Being sky positions, it is more convenient to convert them in

In [None]:
pointing_pos =  SkyCoord( events.header.get('RA_PNT') *u.deg,   events.header.get('DEC_PNT') *u.deg )
source_pos   =  SkyCoord.from_name(events.header.get('OBJECT'))

Let's check the different of the two:

In [None]:
offset = source_pos.separation(pointing_pos)
offset.to( u.deg).value

There is a difference of 0.4 deg between the true source position and the pointing position. Why? Because IACTs points the targets slightly off according to the Wobble solution, for a more accurate background estimation...see later!

Besides the header, let's see what are the DATA of the EVENT HDU:


In [None]:
events.data
events.columns.names

# Better uncomment the line below and use the astropy Table class
Table(events.data)

We can check the whole number of events with the command

In [None]:
len(events.data)

Let's see some events

In [None]:
en  = events.data['ENERGY']
t   = events.data['TIME']
ra  = events.data['RA']
dec = events.data['DEC']
g   = events.data['GAMMANESS']
#dx  = events.data['DETX']
#dy  = events.data['DETY']

In [None]:
# Direction of the events
fig, ax =  plt.subplots(figsize=(7,7))
ax = plt.subplot(projection=wcs)


ax.plot(ra,dec,marker='s', markersize='0.2',linewidth='0',alpha=0.5, label="All Events")
ax.plot(ra_obj,dec_obj, marker="*", markersize="12",linewidth='0', label="Object Sky coordinate")
ax.plot(ra_pnt,dec_pnt, marker="x", color = 'black', markersize="10", linewidth='0', label="Observed coordinate")

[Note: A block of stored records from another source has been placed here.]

(* Let $G$ be a non-cyclic finite group of odd order $n$. Then $$\psi(G)<\frac{1}{2}\,\psi(C_n).$$
   Context: For a finite group $G$, $\psi(G)=\sum_{g\in G} o(g)$ denotes the sum of the orders of all elements of $G$. $C_n$ denotes the cyclic group of order $n$. *)

From mathcomp Require Import all_boot all_fingroup all_algebra all_solvable.
Set Implicit Arguments. Unset Strict Implicit. Unset Printing Implicit Defensive.

Definition psi (gT : finGroupType) (G : {set gT}) : nat := \sum_(x in G) #[x]%g.

(* psi(C_n), computed on the concrete cyclic group Zp n of order n (n >= 1) *)
Definition psiC (n : nat) : nat := psi (Zp n).

From mathcomp Require Import all_boot all_fingroup all_algebra all_solvable.
From mathcomp Require Import zify ring.
Set Implicit Arguments. Unset Strict Implicit. Unset Printing Implicit Defensive.

(* The arithmetic function psi(C_n) = sum_(k < n) n / gcd(n, k) is
   supermultiplicative on coprime factors and satisfies
   (p + 1) psi(C_(p^a)) = p^(2a+1) + 1, so 3 n^2 <= (l + 1) psi(C_n) for odd n
   whose prime factors are at most l.  Induct on n = |G| and let p be the
   largest prime factor of n.  If every element has order at most n/p, then
   psi G <= 1 + (n - 1) n/p, which is less than psi(C_n)/2.  Otherwise some x
   has order > n/p; then P = <x_p> is a cyclic Sylow p-subgroup whose
   normaliser contains <x>, so the number of Sylow p-subgroups (1 mod p, at
   most p) is 1 and P is normal.  Writing #[g] <= #[gP] #[g^#[gP]] and bounding
   the second factor on C_G(P) and off it gives
   psi G <= psi P psi(C_G(P)/P) + |P|^2/p (psi(G/P) - psi(C_G(P)/P)),
   and the induction hypothesis for the two quotients (when P is central,
   G/P is again non-cyclic) concludes. *)

(* psi (C_n), computed in Z/n where k has additive order n / gcd(n, k). *)
Definition psi_nat n := \sum_(0 <= k < n) n %/ gcdn n k.

Lemma sum_nat_blocks (F : nat -> nat) N q :
  \sum_(0 <= k < N * q) F k = \sum_(0 <= j < N) \sum_(0 <= r < q) F (j * q + r).
Proof.
rewrite big_nat_mul; apply: eq_bigr => j _.
by rewrite -{1}[j * q]add0n big_addn mulSnr addKn; apply: eq_bigr => r _; rewrite addnC.
Qed.

Lemma psi_nat0 : psi_nat 0 = 0.
Proof. by rewrite /psi_nat big_geq. Qed.

Lemma psi_nat1 : psi_nat 1 = 1.
Proof. by rewrite /psi_nat big_nat1 gcdn0 divnn. Qed.

Lemma leq_divn_gcd_mull r k x : 0 < r -> 0 < k ->
  k %/ gcdn k x <= (r * k) %/ gcdn (r * k) x.
Proof.
move=> r_gt0 k_gt0.
have gcd_le : gcdn (r * k) x <= r * gcdn k x.
  apply: dvdn_leq; first by rewrite muln_gt0 r_gt0 gcdn_gt0 k_gt0.
  rewrite muln_gcdr dvdn_gcd dvdn_gcdl /=.
  exact: dvdn_trans (dvdn_gcdr _ _) (dvdn_mull _ _).
have gcd_gt0 : 0 < gcdn (r * k) x by rewrite gcdn_gt0 muln_gt0 r_gt0 k_gt0.
by apply: leq_trans (leq_div2l _ gcd_gt0 gcd_le); rewrite divnMl.
Qed.

Lemma leq_psi_nat_mull r k : r * psi_nat k <= psi_nat (r * k).
Proof.
have [->|r_gt0] := posnP r; first by [].
have [->|k_gt0] := posnP k; first by rewrite psi_nat0 muln0.
rewrite /psi_nat sum_nat_blocks -[r in r * _]subn0 -sum_nat_const_nat.
apply: leq_sum => j _; apply: leq_sum => i _.
by rewrite mulnC -(gcdnMDl j) [k * r]mulnC leq_divn_gcd_mull.
Qed.

Lemma psi_nat_pfactorS p a : prime p ->
  psi_nat (p ^ a.+1) = psi_nat (p ^ a) + p ^ a * ((p - 1) * p ^ a.+1).
Proof.
move=> pr_p; have p_gt0 := prime_gt0 pr_p.
have -> : p ^ a * ((p - 1) * p ^ a.+1) = \sum_(0 <= j < p ^ a) (p - 1) * p ^ a.+1.
  by rewrite sum_nat_const_nat subn0.
rewrite {1}/psi_nat expnSr sum_nat_blocks /psi_nat -big_split /=.
apply: eq_bigr => j _.
rewrite big_ltn // addn0 -muln_gcdl divnMr //; congr (_ + _).
rewrite -sum_nat_const_nat; apply: eq_big_nat => r /andP [r_gt0 r_lt_p].
suff /eqnP -> : coprime (p ^ a * p) (j * p + r) by rewrite divn1.
rewrite -expnSr coprime_pexpl // prime_coprime // dvdn_addr ?dvdn_mull //.
by rewrite gtnNdvd.
Qed.

Lemma psi_nat_pfactor p a : prime p -> (p + 1) * psi_nat (p ^ a) = p ^ (2 * a + 1) + 1.
Proof.
move=> pr_p; have p_gt1 := prime_gt1 pr_p.
elim: a => [|a IHa]; first by rewrite expn0 psi_nat1 muln1 expn1.
rewrite psi_nat_pfactorS // mulnDr IHa.
have -> : p ^ (2 * a + 1) = p ^ a * p ^ a * p.
  by rewrite -[p in RHS]expn1 -!expnD; congr (_ ^ _); lia.
have -> : p ^ (2 * a.+1 + 1) = p ^ a * p ^ a * p * p * p.
  by rewrite -[p in RHS]expn1 -!expnD; congr (_ ^ _); lia.
rewrite expnS; set X := p ^ a.
have -> : p = (p - 1) + 1 by lia.
set u := p - 1; rewrite addnK.
ring.
Qed.

Lemma psi_nat_pfactor_lb p a : prime p -> 5 <= p ->
  4 * (p ^ a * p ^ a.+1) < psi_nat (p ^ a.+1).
Proof.
move=> pr_p p_ge5; have := psi_nat_pfactor a.+1 pr_p.
have -> : p ^ (2 * a.+1 + 1) = p ^ a * p ^ a.+1 * (p * p).
  by rewrite -expnD mulnn -expnD; congr (_ ^ _); lia.
set X := p ^ a * p ^ a.+1; set Y := psi_nat _ => eqY.
have X_gt0 : 0 < X by rewrite /X muln_gt0 !expn_gt0 (prime_gt0 pr_p).
suff : (p + 1) * (4 * X) < (p + 1) * Y by rewrite ltn_mul2l => /andP[].
by rewrite eqY; nia.
Qed.

Lemma gcdn_mul_dvd a b x : gcdn (a * b) x %| gcdn a x * gcdn b x.
Proof.
have gab : gcdn (a * b) x %| a * b by exact: dvdn_gcdl.
have gx : gcdn (a * b) x %| x by exact: dvdn_gcdr.
rewrite muln_gcdl dvdn_gcd !muln_gcdr !dvdn_gcd gab dvdn_mull //.
by rewrite !dvdn_mulr.
Qed.

Lemma coprime_modMr_inj a b x y : coprime a b -> x < b -> y < b ->
  x * a = y * a %[mod b] -> x = y.
Proof.
move=> co_ab.
wlog le_xy : x y / x <= y.
  move=> W x_lt y_lt E; have [le|lt] := leqP x y; first exact: W.
  by symmetry; apply: W => //; exact: ltnW.
move=> x_lt y_lt /eqP; rewrite eq_sym eqn_mod_dvd ?leq_mul2r ?le_xy ?orbT //.
rewrite -mulnBl Gauss_dvdl; last by rewrite coprime_sym.
move=> dvd; have [|/dvdn_leq/(_ dvd)] := posnP (y - x); lia.
Qed.

Lemma psi_nat_affine a b i : coprime a b -> 0 < b ->
  \sum_(0 <= j < b) b %/ gcdn b (j * a + i) = psi_nat b.
Proof.
move=> co_ab b_gt0.
rewrite (eq_bigr (fun j => b %/ gcdn b ((j * a + i) %% b))); last first.
  by move=> j _; rewrite gcdn_modr.
rewrite /psi_nat !big_mkord.
pose h (j : 'I_b) : 'I_b := Ordinal (ltn_pmod (j * a + i) b_gt0).
suff inj_h : injective h by rewrite [RHS](reindex_inj inj_h).
move=> x y /(congr1 val) /= /eqP; rewrite eqn_modDr => /eqP E.
exact/val_inj/(coprime_modMr_inj co_ab (ltn_ord x) (ltn_ord y) E).
Qed.

Lemma leq_mul_divn_gcd a b x : 0 < a -> 0 < b ->
  a %/ gcdn a x * (b %/ gcdn b x) <= (a * b) %/ gcdn (a * b) x.
Proof.
move=> a_gt0 b_gt0.
have ga_gt0 : 0 < gcdn a x by rewrite gcdn_gt0 a_gt0.
have gb_gt0 : 0 < gcdn b x by rewrite gcdn_gt0 b_gt0.
have -> : a %/ gcdn a x * (b %/ gcdn b x) = (a * b) %/ (gcdn a x * gcdn b x).
  have {1}-> : a * b = (a %/ gcdn a x * (b %/ gcdn b x)) * (gcdn a x * gcdn b x).
    by rewrite mulnACA !divnK ?dvdn_gcdl.
  by rewrite mulnK // muln_gt0 ga_gt0 gb_gt0.
apply: leq_div2l; first by rewrite gcdn_gt0 muln_gt0 a_gt0 b_gt0.
by apply: dvdn_leq; [rewrite muln_gt0 ga_gt0 gb_gt0 | exact: gcdn_mul_dvd].
Qed.

Lemma psi_nat_coprime_mul a b : coprime a b -> psi_nat a * psi_nat b <= psi_nat (a * b).
Proof.
move=> co_ab.
have [->|a_gt0] := posnP a; first by rewrite psi_nat0.
have [->|b_gt0] := posnP b; first by rewrite psi_nat0 muln0.
rewrite [psi_nat a]/psi_nat big_distrl /= {2}/psi_nat mulnC sum_nat_blocks.
rewrite [b * a]mulnC exchange_big_nat /=; apply: leq_sum => i _.
rewrite -(psi_nat_affine i co_ab b_gt0) big_distrr /=; apply: leq_sum => j _.
by rewrite -(gcdnMDl j) leq_mul_divn_gcd.
Qed.

Lemma psi_nat_odd_lb n l : odd n -> 2 <= l -> (forall r, prime r -> r %| n -> r <= l) ->
  3 * n ^ 2 <= (l + 1) * psi_nat n.
Proof.
elim/ltn_ind: n l => n IHn l odd_n l_ge2 le_l.
have n_gt0 : 0 < n by case: n odd_n {IHn le_l}.
have [n_gt1|n_le1] := ltnP 1 n; last first.
  have -> : n = 1 by lia.
  by rewrite psi_nat1; lia.
set p := max_pdiv n; have pr_p : prime p := max_pdiv_prime n_gt1.
have p_dvd : p %| n := max_pdiv_dvd n.
have p_gt2 : 2 < p := odd_prime_gt2 (dvdn_odd p_dvd odd_n) pr_p.
have p_dvd_q : p %| n`_p.
  by rewrite p_part dvdn_exp // logn_gt0 mem_primes pr_p n_gt0.
have def_n : n`_p * n`_p^' = n := partnC p n_gt0.
set q := n`_p in p_dvd_q def_n *; set m := n`_p^' in def_n *.
have m_dvd : m %| n by rewrite -def_n dvdn_mull.
have q_gt1 : 1 < q := leq_trans (prime_gt1 pr_p) (dvdn_leq (part_gt0 _ _) p_dvd_q).
have m_lt_n : m < n.
  by rewrite -def_n -[m in m < _]mul1n ltn_mul2r part_gt0.
have IHm : 3 * m ^ 2 <= p * psi_nat m.
  have -> : p = p.-1 + 1 by lia.
  apply: IHn => //; [exact: dvdn_odd m_dvd odd_n | lia |] => r pr_r r_dvd.
  have r_le_p : r <= p.
    by apply: max_pdiv_max; rewrite mem_primes pr_r n_gt0 (dvdn_trans r_dvd).
  have r_neq_p : r != p.
    apply: contraTneq r_dvd => ->; rewrite -prime_coprime //.
    exact: coprime_dvdl p_dvd_q (coprime_partC _ _ _).
  lia.
have psi_q : (p + 1) * psi_nat q = q * q * p + 1.
  rewrite /q p_part psi_nat_pfactor //; congr (_ + _); set a := logn p n.
  by rewrite -[p in RHS]expn1 -!expnD; congr (_ ^ _); lia.
have psi_qm : psi_nat q * psi_nat m <= psi_nat n.
  by rewrite -def_n psi_nat_coprime_mul // coprime_partC.
rewrite -def_n; apply: (@leq_trans (q * q * (p * psi_nat m))).
  by rewrite expnMn mulnCA mulnn leq_mul2l IHm orbT.
apply: (@leq_trans ((p + 1) * psi_nat q * psi_nat m)).
  by rewrite mulnA leq_mul2r psi_q leq_addr orbT.
rewrite -mulnA def_n leq_mul // leq_add2r.
exact: le_l.
Qed.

fov = SphericalCircle( (pointing_pos.ra, pointing_pos.dec),
                    3.5 * u.deg,   edgecolor='black', facecolor='none', label="FOV")
ax.add_patch(fov)
plt.ylabel('Dec [deg]')
plt.xlabel('RA [deg]')
plt.title('Sky Event Distribution')
ax.legend(loc="best")

Let's look at how the energy of the data is distributed

In [None]:
binning = np.logspace(-2,1,20)
plt.hist(en,bins=binning,alpha=0.6,log=True)
plt.xlabel('Energy [TeV]')
plt.ylabel('Counts')
plt.title('Energy distribution')
plt.xscale('log')

What we see is that we have a peak at about 0.1 TeV, a sudden increase below and a regular decrease above that value? Does this make sense? Does the target source have a peak at 0.1 TeV? 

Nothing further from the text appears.